Independent glazing consultant Philip Rougier gives a flavour of the Court process, written from the viewpoint of a Defendant glazing contractor. He draws on his own experience as an Expert Witness and presents a composite taken from many cases. If you've been through it . . . you'll know.


Glass and Glazing Products, March 1996, "In My View"
Copyright © Philip Rougier 1996


Remember Perry Mason? The excitement, surprise witnesses, last-minute confessions, thrilling victories? It's not like that in real life. Glazing cases can have their interesting moments. But usually they're mundane affairs - complex rehearsals of mistakes, misunderstandings, tales of corners cut and the wrong glass inserted, of broken promises and shattered bank balances. And now, years later, they rely on references to subtle paragraphs in Standards you've never had the time to study in such detail before now, and accusations that you can refute so clearly, if you get the chance, once you're in the witness box - perhaps in two days' time. Civil Courts don't have juries, so you are faced with a robed and wigged Judge, high up on the bench, sitting beneath a huge coat of arms - twenty times you read the motto "Honi Soit Qui Mal Y Pense" and wonder if it really means what it says. And you try to read the Judge's thoughts as he hears the evidence and arguments. You watch the little pony tail of your Barrister's wig from two rows back and listen to his voice getting it all just slightly wrong. You only see his face when he turns in quiet concern to ask your Solicitor or Expert a question, and you strain to hear what's being said. You try to intervene but you're politely sidelined, superfluous - the experts are having their days in court. And all the time you know it might cost you £1000 an hour, give or take a few quid.
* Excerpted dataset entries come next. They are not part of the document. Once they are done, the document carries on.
Lemma ge0_integralD_leT (f : T -> \bar R) (g : T -> R) : (forall x, 0 <= f x) ->
  (forall x, 0 <= g x)%R -> measurable_fun setT g ->
  \int[mu]_x (f x + (g x)%:E) <= \int[mu]_x f x + \int[mu]_x (g x)%:E.
Proof.
move=> f0 g0 mg.
rewrite ge0_integralTE; last by move=> x; rewrite adde_ge0// lee_fin.
apply: ge_ereal_sup => _ [h /= hf <-].
have -> : sintegral mu h = \int[mu]_x (h x)%:E.
  by rewrite integral_nnsfun// patch_setT.
have mhg : measurable_fun setT (fun x => h x - g x)%R by exact: measurable_funB.
(* split [h] into the part above [g], bounded by [f], and the part below [g] *)
rewrite (eq_integral (fun x => (((fun x => h x - g x)%R)^\+ x)%:E
    + (((fun x => h x) \min g) x)%:E)); last first.
  move=> x _; rewrite -EFinD /funrpos /=; congr EFin.
  by case: (leP (h x - g x)%R 0%R); case: (leP (h x) (g x)); lra.
rewrite ge0_integralD//; last 4 first.
  - by move=> x _; rewrite lee_fin funrpos_ge0.
  - by apply/measurable_EFinP; exact: measurable_funrpos.
  - by move=> x _; rewrite lee_fin /= le_min fun_ge0 g0.
  - by apply/measurable_EFinP; exact: measurable_minr.
apply: leeD.
  apply: ge0_le_integralT => x; first by rewrite lee_fin funrpos_ge0.
  move: (hf x) (f0 x); case: (f x) => [r| |] //= hr r0; last by rewrite leey.
  rewrite -EFinD !lee_fin in hr r0 *.
  by rewrite /funrpos /= ge_max r0 andbT; lra.
apply: ge0_le_integral => //.
- by move=> x _; rewrite lee_fin /= le_min fun_ge0 g0.
- by apply/measurable_EFinP; exact: measurable_minr.
- exact/measurable_EFinP.
- by move=> x _; rewrite lee_fin /= ge_min lexx orbT.
Qed.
You attend the ad hoc conferences and make your points, but somehow they fall on stony ground. There are so many side issues, complications. You smile dutifully with the others when the judge says: "This Court has endless capacity to disregard evidence it may consider irrelevant to the issues without the need for formal objections" - a statement that says everything and nothing, and you realise this is just an expensive game of words. The first and second night you pace up and down at home, can't sleep, go over the papers again and again. Their Expert makes good debating points, but yours is better, clearer. Surely the Judge will see through the lies and misunderstandings, recognise that these hard-won customers of yours have been encouraged, goaded, by their advisers into doing this. Why is this case being brought ? If only they'd paid your bill, you would have done the outstanding jobs, everyone would be content and we wouldn't be here. Five hundred quid at cost to change the frames two years ago could have avoided this, but now you seem to pay your Solicitor that much every fortnight and you just get in deeper.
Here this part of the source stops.